With both ends included, repeat exactly the lines of the entries below from the one containing "Lemma norm1_signed_sup : norm1" down to the one containing "apply: ge_ereal_sup => _ [a [E ME aE] <-].", and no others.

========================

(* Let $\mathcal{M}$ be a test space and let $\mu\in\mathbb{W}$. Then $\|\mu\|_1=\sup\{\mu(a)-\mu(E\setminus a): E\in\mathcal{M},\ a\subseteq E\}$. Hence the norms $\|\cdot\|_{\mathcal{E}}$ and $\|\cdot\|_1$ on $\mathbb{W}$ are equivalent.
   Context: A test space is an irredundant collection $\mathcal{M}$ of nonempty sets (tests) with outcome set $X=\bigcup\mathcal{M}$; an event is a subset of a test. $\mathbb{W}$ is the space of functions $\mu:X\to\mathbb{R}$ such that $\|\mu\|_1:=\sup_{E\in\mathcal{M}}\sum_{x\in E}|\mu(x)|<\infty$ and there is a constant $c$ with $\sum_{x\in E}\mu(x)=c$ for all $E\in\mathcal{M}$. For an event $a$, $\mu(a)=\sum_{x\in a}\mu(x)$, and $\|\mu\|_{\mathcal{E}}=\sup\{|\mu(a)|: a \text{ an event}\}$. *)

From HB Require Import structures.
From mathcomp Require Import all_boot all_order all_algebra.
From mathcomp Require Import all_classical all_reals.
From mathcomp Require Import ereal esum.
Set Implicit Arguments. Unset Strict Implicit. Unset Printing Implicit Defensive.
Import Order.TTheory GRing.Theory Num.Theory.
Local Open Scope classical_set_scope.
Local Open Scope ring_scope.

Definition test_space (X : Type) (M : set (set X)) : Prop :=
  [/\ (forall E, M E -> E !=set0),
      (forall E F, M E -> M F -> E `<=` F -> E = F) &
      (forall x : X, exists E, M E /\ E x)].

Definition abs_sum (X : choiceType) (R : realType) (A : set X) (mu : X -> R)
  : \bar R := (\esum_(x in A) (`|mu x|)%:E)%E.

(* sum of a real function over a set A, defined via positive and negative parts
   (meaningful when the absolute sum is finite) *)
Definition ssum (X : choiceType) (R : realType) (mu : X -> R) (A : set X) : R :=
  fine (\esum_(x in A) (Num.max (mu x) 0)%:E)%E
  - fine (\esum_(x in A) (Num.max (- mu x) 0)%:E)%E.

Definition norm1 (X : choiceType) (R : realType) (M : set (set X)) (mu : X -> R)
  : \bar R := ereal_sup [set abs_sum E mu | E in M].

Definition event (X : Type) (M : set (set X)) (a : set X) : Prop :=
  exists2 E, M E & a `<=` E.

Definition normE (X : choiceType) (R : realType) (M : set (set X)) (mu : X -> R)
  : \bar R := ereal_sup [set (`|ssum mu a|)%:E | a in event M].

Definition inW (X : choiceType) (R : realType) (M : set (set X)) (mu : X -> R)
  : Prop :=
  (norm1 M mu < +oo)%E /\ exists c : R, forall E, M E -> ssum mu E = c.

From HB Require Import structures.
From mathcomp Require Import all_boot all_order all_algebra.
From mathcomp Require Import all_classical all_reals.
From mathcomp Require Import ereal esum.
From mathcomp Require Import lra.
Import Order.TTheory GRing.Theory Num.Theory.
Local Open Scope classical_set_scope.
Local Open Scope ring_scope.

(* For a test E let E+ := nonneg_part mu E be the outcomes of E at which mu is
   nonnegative.  Splitting the positive and negative parts of mu along a and
   E \ a gives mu(a) - mu(E \ a) <= sum_E |mu| and |mu(a)| <= sum_E |mu| for
   every a included in E, with equality in the first at a = E+.  Taking suprema
   over the tests yields the formula for ||mu||_1 and ||mu||_E <= ||mu||_1,
   while sum_E |mu| = mu(E+) - mu(E \ E+) <= 2 ||mu||_E. *)

Lemma esum_subset_setD (R : realType) (T : choiceType) (E a : set T)
    (f : T -> \bar R) : (forall x, E x -> (0 <= f x)%E) -> a `<=` E ->
  \esum_(x in E) f x = (\esum_(x in a) f x + \esum_(x in E `\` a) f x)%E.
Proof. by move=> f0 aE; rewrite (esumID a) // setIidr // -setDE. Qed.

Section signed_sums.
Context {R : realType} {X : choiceType} (mu : X -> R).

Let pos A := (\esum_(x in A) (Num.max (mu x) 0)%:E)%E.
Let neg A := (\esum_(x in A) (Num.max (- mu x) 0)%:E)%E.

Let ssumE A : ssum mu A = fine (pos A) - fine (neg A). Proof. by []. Qed.

Let max0_ge0 (r : R) : 0 <= Num.max r 0. Proof. by rewrite le_max lexx orbT. Qed.

Let pos_ge0 A : (0 <= pos A)%E.
Proof. by apply: esum_ge0 => x _; rewrite lee_fin max0_ge0. Qed.

Let neg_ge0 A : (0 <= neg A)%E.
Proof. by apply: esum_ge0 => x _; rewrite lee_fin max0_ge0. Qed.

Let abs_sum_pos_neg A : abs_sum A mu = (pos A + neg A)%E.
Proof.
rewrite /abs_sum -esumD; last 2 first.
- by move=> x _; rewrite lee_fin max0_ge0.
- by move=> x _; rewrite lee_fin max0_ge0.
apply: eq_esum => x _; rewrite -EFinD; congr (_%:E).
have [mu_ge0|mu_lt0] := leP 0 (mu x).
  by rewrite ger0_norm // max_r ?addr0 // oppr_le0.
by rewrite ltr0_norm // max_l ?add0r // oppr_ge0 ltW.
Qed.

Let pos_split {E a : set X} : a `<=` E -> pos E = (pos a + pos (E `\` a))%E.
Proof. by move=> aE; apply: esum_subset_setD => // x _; rewrite lee_fin max0_ge0. Qed.

Let neg_split {E a : set X} : a `<=` E -> neg E = (neg a + neg (E `\` a))%E.
Proof. by move=> aE; apply: esum_subset_setD => // x _; rewrite lee_fin max0_ge0. Qed.

Definition nonneg_part E := E `&` [set x | 0 <= mu x].

Lemma nonneg_part_sub E : nonneg_part E `<=` E.
Proof. exact: subIsetl. Qed.

Section finite_test.
Variable E : set X.
Hypothesis E_fin : (abs_sum E mu < +oo)%E.

Let abs_sum_split {a : set X} : a `<=` E ->
  fine (abs_sum E mu) =
  fine (pos a) + fine (pos (E `\` a)) + (fine (neg a) + fine (neg (E `\` a))).
Proof.
move=> aE; have : abs_sum E mu \is a fin_num.
  by rewrite ge0_fin_numE // abs_sum_pos_neg adde_ge0.
rewrite abs_sum_pos_neg (pos_split aE) (neg_split aE).
by rewrite !fin_numD => /andP[/andP[? ?] /andP[? ?]]; rewrite !fineD ?fin_numD ?andbT //; apply/andP.
Qed.

Lemma ssum_sub_setD_le a : a `<=` E ->
  ssum mu a - ssum mu (E `\` a) <= fine (abs_sum E mu).
Proof.
move=> aE; rewrite (abs_sum_split aE) !ssumE.
have := fine_ge0 (neg_ge0 a); have := fine_ge0 (pos_ge0 (E `\` a)); lra.
Qed.

Lemma abs_ssum_le a : a `<=` E -> `|ssum mu a| <= fine (abs_sum E mu).
Proof.
move=> aE; rewrite (abs_sum_split aE) ssumE ler_norml.
have := fine_ge0 (pos_ge0 a); have := fine_ge0 (neg_ge0 a).
have := fine_ge0 (pos_ge0 (E `\` a)); have := fine_ge0 (neg_ge0 (E `\` a)).
move=> *; apply/andP; split; lra.
Qed.

Lemma ssum_sub_setD_nonneg_part :
  ssum mu (nonneg_part E) - ssum mu (E `\` nonneg_part E) = fine (abs_sum E mu).
Proof.
set a := nonneg_part E; have aE : a `<=` E := nonneg_part_sub E.
have neg_a : neg a = 0%E.
  by apply: esum1 => x [_ /= mu_ge0]; rewrite max_r // oppr_le0.
have pos_Ea : pos (E `\` a) = 0%E.
  apply: esum1 => x [Ex /= a_x]; rewrite max_r // ltW // ltNge.
  by apply/negP => mu_ge0; apply: a_x; split.
by rewrite (abs_sum_split aE) !ssumE neg_a pos_Ea /=; lra.
Qed.

End finite_test.
End signed_sums.

Section norms.
Context {R : realType} {X : choiceType} (M : set (set X)) (mu : X -> R).

Lemma abs_sum_le_norm1 {E : set X} : M E -> (abs_sum E mu <= norm1 M mu)%E.
Proof. by move=> ME; apply: ereal_sup_ubound; exists E. Qed.

Lemma abs_ssum_le_normE {E a : set X} : M E -> a `<=` E ->
  ((`|ssum mu a|)%:E <= normE M mu)%E.
Proof. by move=> ME aE; apply: ereal_sup_ubound; exists a => //; exists E. Qed.

Hypothesis mu_fin : (norm1 M mu < +oo)%E.

Let abs_sum_fin {E : set X} : M E -> (abs_sum E mu < +oo)%E.
Proof. by move=> ME; apply: le_lt_trans mu_fin; exact: abs_sum_le_norm1. Qed.

Let abs_sum_fineK {E : set X} : M E -> abs_sum E mu = (fine (abs_sum E mu))%:E.
Proof.
move=> ME; rewrite fineK // ge0_fin_numE ?abs_sum_fin //.
by apply: esum_ge0 => x _; rewrite lee_fin.
Qed.

Lemma norm1_signed_sup : norm1 M mu =
  ereal_sup [set r | exists E a, [/\ M E, a `<=` E &
               r = (ssum mu a - ssum mu (E `\` a))%:E]].
Proof.
apply/eqP; rewrite eq_le; apply/andP; split.
  apply: ge_ereal_sup => _ [E ME <-]; apply: ereal_sup_ubound.
  exists E, (nonneg_part mu E); split; [exact: ME | exact: nonneg_part_sub |].
  by rewrite ssum_sub_setD_nonneg_part ?abs_sum_fin // -abs_sum_fineK.
apply: ge_ereal_sup => _ [E [a [ME aE ->]]].
apply: (le_trans _ (abs_sum_le_norm1 ME)).
by rewrite (abs_sum_fineK ME) lee_fin ssum_sub_setD_le ?abs_sum_fin.
Qed.

Lemma normE_le_norm1 : (normE M mu <= norm1 M mu)%E.
Proof.
apply: ge_ereal_sup => _ [a [E ME aE] <-].
apply: (le_trans _ (abs_sum_le_norm1 ME)).
by rewrite (abs_sum_fineK ME) lee_fin abs_ssum_le ?abs_sum_fin.
Qed.

Lemma norm1_le_twice_normE : (norm1 M mu <= 2%:E * normE M mu)%E.
Proof.
apply: ge_ereal_sup => _ [E ME <-].
rewrite (abs_sum_fineK ME) -ssum_sub_setD_nonneg_part ?abs_sum_fin //.
set a := nonneg_part mu E; have aE : a `<=` E := nonneg_part_sub mu E.
have EaE : E `\` a `<=` E by apply: subDsetl.
apply: (@le_trans _ _ ((`|ssum mu a|)%:E + (`|ssum mu (E `\` a)|)%:E)%E).
  by rewrite -EFinD lee_fin (le_trans (ler_norm _)) ?ler_normB.
by rewrite (mule_natl (normE M mu) 2) mule2n leeD ?(abs_ssum_le_normE ME).
Qed.

End norms.

Theorem lemmaC4 (R : realType) (X : choiceType) (M : set (set X)) :
  test_space M ->
  (forall mu : X -> R, inW M mu ->
     norm1 M mu =
     ereal_sup [set r | exists E a, [/\ M E, a `<=` E &
                  r = (ssum mu a - ssum mu (E `\` a))%:E]]) /\
  (exists k1 k2 : R, 0 < k1 /\ 0 < k2 /\
     forall mu : X -> R, inW M mu ->
       (normE M mu <= k1%:E * norm1 M mu)%E /\
       (norm1 M mu <= k2%:E * normE M mu)%E).
Proof.
move=> _; split=> [mu [mu_fin _]|]; first exact: norm1_signed_sup.
exists 1, 2; do 2!split=> //; move=> mu [mu_fin _]; rewrite mul1e.
by split; [apply: normE_le_norm1 | apply: norm1_le_twice_normE].
Qed.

========================

▸ **Exercise response**
Lemma norm1_signed_sup : norm1 M mu =
  ereal_sup [set r | exists E a, [/\ M E, a `<=` E &
               r = (ssum mu a - ssum mu (E `\` a))%:E]].
Proof.
apply/eqP; rewrite eq_le; apply/andP; split.
  apply: ge_ereal_sup => _ [E ME <-]; apply: ereal_sup_ubound.
  exists E, (nonneg_part mu E); split; [exact: ME | exact: nonneg_part_sub |].
  by rewrite ssum_sub_setD_nonneg_part ?abs_sum_fin // -abs_sum_fineK.
apply: ge_ereal_sup => _ [E [a [ME aE ->]]].
apply: (le_trans _ (abs_sum_le_norm1 ME)).
by rewrite (abs_sum_fineK ME) lee_fin ssum_sub_setD_le ?abs_sum_fin.
Qed.

Lemma normE_le_norm1 : (normE M mu <= norm1 M mu)%E.
Proof.
apply: ge_ereal_sup => _ [a [E ME aE] <-].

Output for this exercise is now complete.